I know: it’s all starting to sound incredibly theoretical. But what I want to emphasise is that my Laidlaw internship experience taught me how even highly theoretical research is ultimately grounded in concrete realities.

My research took me to Columbia University’s College of Physicians and Surgeons, where I learned with the scholars who founded and lead narrative medicine research. Chatting with the very scholars you have cited numerous times is at once humbling and inspiring: humbling to hear their insight, and inspiring to realise that they are excited for a new generation to continue building upon that insight. This aspect of my research allowed me to see how research really is a dialogue with a broader research community—nothing like the stereotypical image we may have of a researcher holed up alone in their office or lab. It was conversations I had at this conference that sparked the shift in my research, reminding me that research so often emerges from real conversations with real people—not just from the mind of some researcher who is wandering alone in some abstract clouds.

Through this narrative medicine research community, I have also come to know several incredibly compassionate and talented physicians, who I had the honour of shadowing back in Canada while conducting my research for the Laidlaw programme. This opportunity to witness narrative medicine in practice fuelled my motivation to research throughout the summer: I witnessed how these physicians’ literary practices and research translated into more effective medical practice. Research, especially in the humanities where it often verges towards theory, can often feel disconnected from the real world—sometimes bordering on feeling useless. But these clinical experiences taught me that research doesn’t have to happen in a theoretical bubble; research can—and should—be informed by real practices.

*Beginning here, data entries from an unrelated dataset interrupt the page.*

Lemma exists_refining_family (I : Type) (A : set I) (V : I -> set H) :
  (forall i, A i -> open (V i) /\ V i one) ->
  exists U : I -> nat -> set H, forall i, refining_seq (U i) /\ (A i -> U i 0 = V i).
Proof.
move=> oV; suff [U hU] : {U : I -> nat -> set H & forall i,
    refining_seq (U i) /\ (A i -> U i 0 = V i)} by exists U.
apply: (choice (P := fun i U => refining_seq U /\ (A i -> U 0 = V i))) => i.
have [/oV[oVi Vi1]|nAi] := pselect (A i).
  by have [U [U0 hU]] := exists_refining_seq _ oVi Vi1; exists U.
by have [U [_ hU]] := exists_refining_seq _ openT Logic.I; exists U; split=> // /nAi.
Qed.

Section Core.
Variables (I : Type) (A : set I) (U : I -> nat -> set H).
Hypothesis hU : forall i, refining_seq (U i).

Definition core : set H := [set x | forall i, A i -> forall k, U i k x].
Local Notation pi := (coset_proj mul core).

Lemma core_one : core one.
Proof. by move=> i _ k; exact: refining_one. Qed.

Lemma core_mul x y : core x -> core y -> core (x * y).
Proof. by move=> Nx Ny i Ai k; apply: refining_mul; [exact: hU|exact: Nx|exact: Ny]. Qed.

Lemma core_inv x : core x -> core (inv x).
Proof.
by move=> Nx i Ai k; apply: (refining_succ (hU i)); apply: refining_inv; [exact: hU|exact: Nx].
Qed.

Lemma core_closed : closed core.
Proof.
rewrite closure_id; apply/seteqP; split; first exact: subset_closure.
move=> x cx i Ai k.
have Wx : open_nbhs x (translate x (U i k.+1)).
  split; first by apply: open_translate; exact: (refining_open (hU i) _).
  by apply: translate_center; exact: (refining_one (hU i) _).
have [y [Ny xy]] := cx _ (open_nbhs_nbhs Wx).
have := refining_mul (hU i) (Ny i Ai k.+1) (refining_inv (hU i) xy).
by rewrite tg_invgM tg_invgK tg_mulKVg.
Qed.

Hypothesis e_dense : forall W, open W -> W !=set0 -> exists j, W (e j).

(* Approximate [g] by some [e j]: conjugation by [g] is conjugation by [e j],
   which the sequences control, corrected by a small factor [e j * inv g]. *)
Lemma core_normal g x : core x -> core (g * x * inv g).
Proof.
move=> Nx i Ai n; have hUi := hU i.
have [j /= wU] : exists j, ((fun y => y * inv g) @^-1` U i n.+2) (e j).
  apply: e_dense; first exact: open_preimage (tg_rmul_continuous _) (refining_open hUi _).
  by exists g; rewrite /preimage /= tg_mulgV; exact: (refining_one hUi).
set w := e j * inv g in wU.
have conjU : U i n.+2 (e j * x * inv (e j)).
  apply: (refining_mono hUi (leq_maxr j n.+2)).
  by apply: (refining_conj hUi (leq_maxl j n.+2)); exact: Nx.
have -> : g * x * inv g = inv w * (e j * x * inv (e j) * w).
  by rewrite /w tg_invgM tg_invgK !tg_mulgA !tg_mulgKV.
apply: (refining_mul hUi); first exact: (refining_succ hUi (refining_inv hUi wU)).
exact: (refining_mul hUi).
Qed.

Lemma core_closed_normal : closed_normal_subgroup mul inv one core.
Proof.
split; [exact: core_one|exact: core_mul|exact: core_inv|exact: core_normal|].
exact: core_closed.
Qed.

Lemma open_core_image g i k : open (pi @` translate g (U i k)).
Proof.
apply: (open_coset_proj_image core_one core_mul core_inv).
by apply: open_translate; exact: (refining_open (hU i) _).
Qed.

Lemma translate_core_image {g i k x} : A i ->
  (pi @` translate g (U i k.+1)) (pi x) -> translate g (U i k) x.
Proof.
move=> Ai /(coset_proj_imageP core_one core_mul core_inv)[s gs Nsx].
by have := refining_mul (hU i) gs (Nsx i Ai k.+1); rewrite -tg_mulgA tg_mulKVg.
Qed.

Lemma pseudocharacter_core :
  card_le_omega1 A -> pseudocharacter_le_omega1 (coset_space mul core).
Proof.
move=> cA z; have [g ->] := coset_proj_surj z.
have translate_g ik : (pi @` translate g (U ik.1 ik.2)) (pi g).
  by exists g => //; apply: translate_center; exact: (refining_one (hU _) _).
exists ((fun ik => pi @` translate g (U ik.1 ik.2)) @` (A `*` [set: nat])); split.
- exact/card_le_omega1_image/card_le_omega1_setXnat.
- by move=> _ [ik _ <-]; split; [exact: open_core_image|exact: translate_g].
- apply/seteqP; split=> [w Fw|_ -> _ [ik _ <-] //].
  have [x wx] := coset_proj_surj w; subst w.
  apply/esym/(coset_proj_eqP core_one core_mul core_inv) => i Ai k.
  by apply: (translate_core_image Ai); apply: Fw; exists (i, k.+1).
Qed.

End Core.

End Refinement.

Finally, as graduate school application deadlines loom, I’m recognising how this research experience has been formative to my future. This time last year, I was skimming through applications for various Master’s program and funding bodies, thinking it would be impossible to write a research proposal. How was I supposed to know exactly what I wanted to research for my M.A. dissertation before even starting my M.A.? How was I supposed to hone all my research interests into one concise and specific proposal? The entire application process seemed daunting and backwards, but by the end of my Laidlaw internship, I had replaced these questions with new ones that would form the basis of my research proposal. The opportunity to dedicate my summer to research without the pressure of actually writing a dissertation allowed me to focus on what

particular research questions piqued my interests, rather than forcing myself to draw final conclusions—which brings me back to where I started: the unknown. Even when research answers one question, it simply leads to many more questions, thereby continuously revealing all that we don’t know.